Data records
(* Let $\mu$ be a Borel probability measure on $\mathbb{R}$ satisfying Assumption A (see context), let $t>1$, and let $E$ be a zero of $m_\mu$. Then there exists a constant $M>0$ such that $\mathrm{dist}(\omega_t(z),E)\ge M$ for all $z\in\mathbb{R}$.
   Context: Assumption A: $n_{\mathrm{ac}},n_{\mathrm{pp}},n^{\mathrm{out}}_{\mathrm{pp}}\ge1$ integers; $\mu$ is a compactly supported Borel probability measure on $\mathbb{R}$ whose singular part is supported on a finite set $\{x_1,\dots,x_{n_{\mathrm{pp}}}\}$, whose absolutely continuous part $\mu_{\mathrm{ac}}$ is supported on $n_{\mathrm{ac}}$ intervals $[E_j^-,E_j^+]$, with exactly $n^{\mathrm{out}}_{\mathrm{pp}}$ atoms outside $\mathrm{supp}(\mu_{\mathrm{ac}})$, no atom at the endpoints $E_j^\pm$, and density $\rho$ with $C_j^{-1}<\rho(x)/\big((x-E_j^-)^{t_j^-}(E_j^+-x)^{t_j^+}\big)<C_j$ a.e. on $[E_j^-,E_j^+]$ for some $-1<t_j^\pm<1$, $C_j\ge1$. $m_\mu(z)=\int\frac{1}{x-z}\mu(dx)$ (a zero of $m_\mu$ is a real point $E$ where $m_\mu(E)=0$), $F_\mu=-1/m_\mu$. $\omega_t:\mathbb{C}^+\to\mathbb{C}^+$ is the analytic subordination function with $\mathrm{Im}\,\omega_t(z)\ge\mathrm{Im}\,z$, $\omega_t(i\eta)/(i\eta)\to1$, $t\omega_t(z)-z=(t-1)F_\mu(\omega_t(z))$, extended continuously to $\mathbb{C}^+\cup\mathbb{R}$ (values in $\mathbb{C}^+\cup\mathbb{R}\cup\{\infty\}$). *)

From HB Require Import structures.
From mathcomp Require Import all_boot all_order all_algebra.
From mathcomp Require Import all_classical all_reals all_analysis.
From mathcomp Require Import complex.
Set Implicit Arguments. Unset Strict Implicit. Unset Printing Implicit Defensive.
Import Order.TTheory GRing.Theory Num.Theory.
Import numFieldNormedType.Exports.
Local Open Scope classical_set_scope.
Local Open Scope ring_scope.

Section Defs.
Variable R : realType.

Definition cre (z : R[i]) : R := let: Complex a _ := z in a.
Definition cim (z : R[i]) : R := let: Complex _ b := z in b.

Definition cabs (z : R[i]) : R := Num.sqrt (cre z ^+ 2 + cim z ^+ 2).

Definition cR (x : R) : R[i] := Complex x 0.

Definition Cplus (z : R[i]) : Prop := 0 < cim z.

(* Stieltjes transform m_mu(z) = \int 1/(x - z) mu(dx), written via its real
   and imaginary parts:  1/(x-z) = ((x - cre z) + i cim z) / ((x-cre z)^2+(cim z)^2). *)
Definition stieltjes (mu : probability R R) (z : R[i]) : R[i] :=
  Complex
    (\int[mu]_(x in setT) ((x - cre z) / ((x - cre z) ^+ 2 + cim z ^+ 2)))
    (\int[mu]_(x in setT) (cim z / ((x - cre z) ^+ 2 + cim z ^+ 2))).

Definition Fmu (mu : probability R R) (z : R[i]) : R[i] := - (stieltjes mu z)^-1.

(* E is a zero of m_mu: the boundary value m_mu(E) := lim_{eta -> 0+} m_mu(E + i eta)
   exists and equals 0. *)
Definition stieltjes_zero (mu : probability R R) (E : R) : Prop :=
  forall eps : R, 0 < eps -> exists2 d : R, 0 < d &
    forall eta : R, 0 < eta -> eta < d -> cabs (stieltjes mu (Complex E eta)) < eps.

Definition analytic_Cplus (f : R[i] -> R[i]) : Prop :=
  forall z, Cplus z -> exists f' : R[i], forall eps : R, 0 < eps ->
    exists2 d : R, 0 < d & forall h : R[i], h != 0 -> cabs h < d ->
      cabs ((f (z + h) - f z) / h - f') < eps.

Definition subordination (mu : probability R R) (t : R) (omega : R[i] -> R[i]) : Prop :=
  [/\ analytic_Cplus omega,
      (forall z, Cplus z -> cim z <= cim (omega z)),
      (forall eps : R, 0 < eps -> exists K : R, forall eta : R, K < eta ->
         cabs (omega (Complex 0 eta) / Complex 0 eta - 1) < eps) &
      (forall z, Cplus z ->
         cR t * omega z - z = cR (t - 1) * Fmu mu (omega z))].

(* omegab : R -> option R[i] is the continuous extension of omega to the real
   line, with values in the Riemann sphere (None stands for infinity):
   omega z -> omegab x as z -> x within C^+. *)
Definition boundary_extension (omega : R[i] -> R[i]) (omegab : R -> option R[i]) : Prop :=
  forall x : R,
    match omegab x with
    | Some w => forall eps : R, 0 < eps -> exists2 d : R, 0 < d &
        forall z, Cplus z -> cabs (z - cR x) < d -> cabs (omega z - w) < eps
    | None => forall K : R, exists2 d : R, 0 < d &
        forall z, Cplus z -> cabs (z - cR x) < d -> K < cabs (omega z)
    end.

Definition assumptionA (nac npp nout : nat) (mu : probability R R) : Prop :=
  [/\ (1 <= nac)%N, (1 <= npp)%N, (1 <= nout)%N &
  exists (Em Ep tm tp C : 'I_nac -> R) (xs ws : 'I_npp -> R) (rho : R -> R),
    [/\
        (forall j, Em j < Ep j) /\
        (forall i j, i != j -> Ep i < Em j \/ Ep j < Em i),
        injective xs /\ (forall i, 0 < ws i),
        [/\ measurable_fun setT rho, (forall x, 0 <= rho x),
            (forall x, (forall j, x \notin `[Em j, Ep j]) -> rho x = 0) &
            (forall A : set R, measurable A ->
               mu A = (\int[lebesgue_measure]_(x in A) (rho x)%:E +
                       \sum_(i < npp) (ws i)%:E * \d_(xs i) A)%E)],
        (forall j, [/\ -1 < tm j < 1, -1 < tp j < 1, 1 <= C j &
           ({ae lebesgue_measure, forall x, x \in `[Em j, Ep j] ->
              ((C j)^-1 < rho x / ((x - Em j) `^ (tm j) * (Ep j - x) `^ (tp j)) < C j)})]) &
        (forall i j, xs i != Em j /\ xs i != Ep j) /\
        (* exactly nout atoms outside supp(mu_ac) = union of the intervals *)
        #|[set i : 'I_npp | [forall j, (xs i < Em j) || (Ep j < xs i)]]| = nout]].
(* Cauchy--Binet, before grouping the row selections [g] by their image. *)
Lemma det_mulmx_rowsub (R : comNzRingType) k L (U : 'M[R]_(k, L)) (V : 'M[R]_(L, k)) :
  \det (U *m V) =
    \sum_(g : {ffun 'I_k -> 'I_L}) (\prod_i U i (g i)) * \det (mxsub g id V).
Proof.
transitivity (\sum_(s : 'S_k) \sum_(g : {ffun 'I_k -> 'I_L})
     (-1) ^+ s * \prod_i (U i (g i) * V (g i) (s i))).
  apply: eq_bigr => s _; rewrite -big_distrr /=; congr (_ * _).
  rewrite -(bigA_distr_bigA (fun i t => U i t * V t (s i))).
  by apply: eq_bigr => i _; rewrite mxE.
rewrite exchange_big; apply: eq_bigr => g _ /=; rewrite big_distrr /=.
apply: eq_bigr => s _; rewrite big_split /= mulrCA.
by congr (_ * (_ * _)); apply: eq_bigr => i _; rewrite mxE.
Qed.

Lemma det_rowsub_noninj (R : comNzRingType) k L (g : 'I_k -> 'I_L) (V : 'M[R]_(L, k)) :
  ~~ injectiveb g -> \det (mxsub g id V) = 0.
Proof.
case/injectivePn => i1 [i2 ne_i12 eq_g].
by apply: (determinant_alternate ne_i12) => j; rewrite !mxE eq_g.
Qed.

Lemma sum_ord_double k : ((\sum_(i < k) i) * 2 = k * k.-1)%N.
Proof. by rewrite -(big_mkord xpredT id) bin2_sum -[in RHS](bin1 k.-1) mul_bin_diag mulnC. Qed.

Lemma ltn_divceil y D n : (0 < D)%N -> (n < (y + D.-1) %/ D)%N = (n * D < y)%N.
Proof. by move=> D_gt0; rewrite leq_divRL // mulSn; case: D D_gt0 => // D _; lia. Qed.

(** * I-adic valuation of polynomials *)

Section Valuation.
Variables (A : comNzRingType) (l : nat).
Local Notation R := {mpoly A[l]}.

Definition mval_ge (x : R) (c : rat) := forall m, (mdeg m)%:R < c -> x@_m = 0.

Lemma mval_ge0 c : mval_ge 0 c.
Proof. by move=> m _; rewrite mcoeff0. Qed.

Lemma mval_ge_nonpos x c : c <= 0 -> mval_ge x c.
Proof. by move=> c_le0 m /lt_le_trans /(_ c_le0); rewrite ltNge ler0n. Qed.

Lemma mval_ge_le x c c' : mval_ge x c -> c' <= c -> mval_ge x c'.
Proof. by move=> x_ge le_c'c m lt_m; apply: x_ge; apply: lt_le_trans le_c'c. Qed.
Lemma tdist_tre_le x y : Rabs (tre x - tre y) <= tdist x y.
Proof.
  pose proof (Rle_0_sqr (tre x - tre y)); pose proof (Rle_0_sqr (tim x - tim y)); unfold Rsqr in *.
  apply le_of_sqr_le; [apply tdist_ge0|]; rewrite tdist_sqr, <- Rabs_mult, Rabs_right;
  unfold tdist2; lra.
Qed.
Lemma tdist_tim_le x y : Rabs (tim x - tim y) <= tdist x y.
Proof.
  pose proof (Rle_0_sqr (tre x - tre y)); pose proof (Rle_0_sqr (tim x - tim y)); unfold Rsqr in *.
  apply le_of_sqr_le; [apply tdist_ge0|]; rewrite tdist_sqr, <- Rabs_mult, Rabs_right;
  unfold tdist2; lra.
Qed.
Lemma tdist_le_tre_tim x y : tdist x y <= Rabs (tre x - tre y) + Rabs (tim x - tim y).
Proof.
  pose proof (Rabs_pos (tre x - tre y)); pose proof (Rabs_pos (tim x - tim y)).
  apply le_of_sqr_le; [lra|]; rewrite tdist_sqr; unfold tdist2.
  pose proof (Rle_0_sqr (tre x - tre y)); pose proof (Rle_0_sqr (tim x - tim y)); unfold Rsqr in *.
  rewrite <- (Rabs_right ((tre x - tre y) * (tre x - tre y))),
    <- (Rabs_right ((tim x - tim y) * (tim x - tim y))),
    !Rabs_mult by lra; nra.
Qed.

Lemma tdist_mull z x y : tdist (tmul z x) (tmul z y) = tdist x y.
Proof.
  rewrite !tdistE; f_equal; unfold tdist2; tsimp; pose proof (tnorm1 z).
  transitivity ((tre z * tre z + tim z * tim z) *
    ((tre x - tre y) * (tre x - tre y) + (tim x - tim y) * (tim x - tim y))); [ring|].
  rewrite H; ring.
Qed.
Lemma tdist_mulr z x y : tdist (tmul x z) (tmul y z) = tdist x y.
Proof. rewrite (tmulC x), (tmulC y); apply tdist_mull. Qed.
Lemma tdist_mul_le a b c d : tdist (tmul a b) (tmul c d) <= tdist a c + tdist b d.
Proof.
  eapply Rle_trans; [apply (tdist_triangle _ (tmul c b))|].
  rewrite tdist_mulr, tdist_mull; lra.
Qed.
Lemma tdist_div1 x y : tdist (tmul x (tinv y)) tone = tdist x y.
Proof. rewrite <- (tmulV y), tdist_mulr; reflexivity. Qed.

(** * Topology, category and Borel sets *)

Section Topology.
Variables (X : Type) (O : (X -> Prop) -> Prop).

Lemma open_full : is_topology O -> O (fun _ => True).
Proof. intros [_ [H _]]; exact H. Qed.

Lemma open_inter : is_topology O -> forall U V, O U -> O V -> O (fun x => U x /\ V x).
Proof. intros [_ [_ [H _]]]; exact H. Qed.

Lemma open_of_local : is_topology O -> forall P : X -> Prop,
  (forall x, P x -> exists Q, O Q /\ Q x /\ forall y, Q y -> P y) -> O P.
Proof.
  intros [Hext [_ [_ Hunion]]] P H.
  apply (Hext (fun x => exists Q, (O Q /\ forall y, Q y -> P y) /\ Q x)).
  - intros x; split; [intros [Q [[_ HQ] Qx]]; auto|].
    intros Px; destruct (H x Px) as [Q [OQ [Qx HQ]]]; exists Q; auto.
  - apply Hunion; intros Q [OQ _]; exact OQ.
Qed.

Lemma subset_closure (A : X -> Prop) x : A x -> closure O A x.
Proof. intros Ax U _ Ux; exists x; auto. Qed.

Lemma closure_idem (A : X -> Prop) x : closure O (closure O A) x -> closure O A x.
Proof. intros H U OU Ux; destruct (H U OU Ux) as [y [Uy Hy]]; exact (Hy U OU Uy). Qed.

Lemma closureS (A B : X -> Prop) :
  (forall x, A x -> B x) -> forall x, closure O A x -> closure O B x.
Proof. intros HAB x H U OU Ux; destruct (H U OU Ux) as [y [Uy Ay]]; eauto. Qed.

Lemma meagerS (A B : X -> Prop) : (forall x, A x -> B x) -> meager O B -> meager O A.
Proof. intros HAB [N [HN HB]]; exists N; split; auto. Qed.

Lemma meager0 : is_topology O -> meager O (fun _ => False).
Proof.
  intros T; exists (fun _ _ => False); split; [|intros x []].
  intros _ x [U [_ [Ux HU]]].
  destruct (HU x Ux (fun _ => True) (open_full T) I) as [y [_ []]].
Qed.

Lemma meager_countable_union (A : nat -> X -> Prop) :
  (forall n, meager O (A n)) -> meager O (fun x => exists n, A n x).
Proof.
  intros H.
  destruct (choice (fun n N =>
    (forall k, nowhere_dense O (N k)) /\ forall x, A n x -> exists k, N k x) H)
    as [N HN].
  exists (fun k => N (fst (of_nat k)) (snd (of_nat k))); split; [intros k; apply HN|].
  intros x [n Hn]; destruct (proj2 (HN n) x Hn) as [k Hk].
  exists (to_nat (n, k)); rewrite cancel_of_to; exact Hk.
Qed.

Lemma meagerU (A B : X -> Prop) :
  meager O A -> meager O B -> meager O (fun x => A x \/ B x).
Proof.
  intros HA HB; apply (meagerS _ (fun x => exists n, (if Nat.eqb n 0 then A else B) x)).
  - intros x [Ax|Bx]; [exists 0%nat | exists 1%nat]; auto.
  - apply meager_countable_union; intros [|n]; auto.
Qed.

Lemma boundary_nowhere_dense : is_topology O -> forall U, O U ->
  nowhere_dense O (fun x => closure O U x /\ ~ U x).
Proof.
  intros T U OU x [W [OW [Wx HW]]].
  assert (Hx : closure O U x).
  { apply closure_idem, (closureS (fun y => closure O U y /\ ~ U y) _ (fun y H => proj1 H)), HW, Wx. }
  destruct (Hx W OW Wx) as [y [Wy Uy]].
  destruct (HW y Wy (fun z => W z /\ U z) (open_inter T W U OW OU) (conj Wy Uy))
    as [z [[_ Uz] [_ nUz]]].
  contradiction.
Qed.

Definition baire_property (A : X -> Prop) : Prop :=
  exists U, O U /\ meager O (fun x => ~ (A x <-> U x)).
(* Let $A_n(x) = x^n + a_1 x^{n-1} + \dots + a_n$ be a (complex) polynomial whose distinct roots $x_1, \dots, x_m$ have known multiplicities $\alpha_1, \dots, \alpha_m$ (positive integers with $\alpha_1 + \dots + \alpha_m = n$). Given initial approximations $x_1^{[0]}, \dots, x_m^{[0]}$, define iterates for $k = 0,1,2,\dots$ and $i = 1,\dots,m$ by $$x_i^{[k+1]} = x_i^{[k]} - \alpha_i \left[ S_i^{[k]}(x_i^{[k]}) + \sum_{j=1, j\neq i}^{m} \alpha_j \,(x_j^{[k]} - x_i^{[k]})^{-2}\, A_n(x_j^{[k]}) \left[ \frac{S_j^{[k]}(x_j^{[k]})}{\alpha_j}\right]^{\alpha_j - 1} \Big/ Q_j^{[k]}(x_j^{[k]}) \right]^{-1},$$ where for $p = 1,\dots,m$, $$Q_p^{[k]}(x) = \prod_{l=1, l\neq p}^{m} (x - x_l^{[k]})^{\alpha_l}, \qquad S_p^{[k]}(x) = \frac{A_n'(x)}{A_n(x)} - \frac{Q_p^{[k]\prime}(x)}{Q_p^{[k]}(x)}.$$ Let $d = \min_{i\neq j} |x_i - x_j|$, and let $c, q$ be real positive constants such that $q < 1$, $d - 2c > 0$, and $$2c^2 n (d-2c)^{-2}\Big[ c(d-2c)^{-1} + \big(1 + c(d-2c)^{-1}\big)\,[N + MN + M] \Big] < \alpha_i \quad \text{for all } i = 1,\dots,m,$$ where $M = \big(1 + c/(d-2c)\big)^n - 1$ and $N = \big(1 + n\,(c/(d-2c))^2\big)^{n-1} - 1$. Suppose the initial approximations satisfy $|x_i^{[0]} - x_i| < cq$ for $i = 1,\dots,m$. Then for every natural number $k$, $$|x_i^{[k]} - x_i| < c\, q^{4^k}, \qquad i = 1,\dots,m.$$
   Context: The iteration is understood in the sense that all quantities appearing in the formula are defined (the relevant denominators are nonzero). $Q_p^{[k]\prime}$ denotes the derivative of $Q_p^{[k]}$ with respect to $x$, and $A_n'$ the derivative of $A_n$. *)

From mathcomp Require Import all_boot all_order all_algebra.
From mathcomp Require Import reals complex.
Set Implicit Arguments. Unset Strict Implicit. Unset Printing Implicit Defensive.
Import Order.TTheory GRing.Theory Num.Theory.
Local Open Scope ring_scope.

To do
All that is needed is the exact run of lines above from the line containing "Lemma open_full : is_topology" through the line containing "Proof. intros Ax U _ Ux; exists x; auto. Qed.", both of them included.

Exercise result
Lemma open_full : is_topology O -> O (fun _ => True).
Proof. intros [_ [H _]]; exact H. Qed.

Lemma open_inter : is_topology O -> forall U V, O U -> O V -> O (fun x => U x /\ V x).
Proof. intros [_ [_ [H _]]]; exact H. Qed.

Lemma open_of_local : is_topology O -> forall P : X -> Prop,
  (forall x, P x -> exists Q, O Q /\ Q x /\ forall y, Q y -> P y) -> O P.
Proof.
  intros [Hext [_ [_ Hunion]]] P H.
  apply (Hext (fun x => exists Q, (O Q /\ forall y, Q y -> P y) /\ Q x)).
  - intros x; split; [intros [Q [[_ HQ] Qx]]; auto|].
    intros Px; destruct (H x Px) as [Q [OQ [Qx HQ]]]; exists Q; auto.
  - apply Hunion; intros Q [OQ _]; exact OQ.
Qed.

Lemma subset_closure (A : X -> Prop) x : A x -> closure O A x.
Proof. intros Ax U _ Ux; exists x; auto. Qed.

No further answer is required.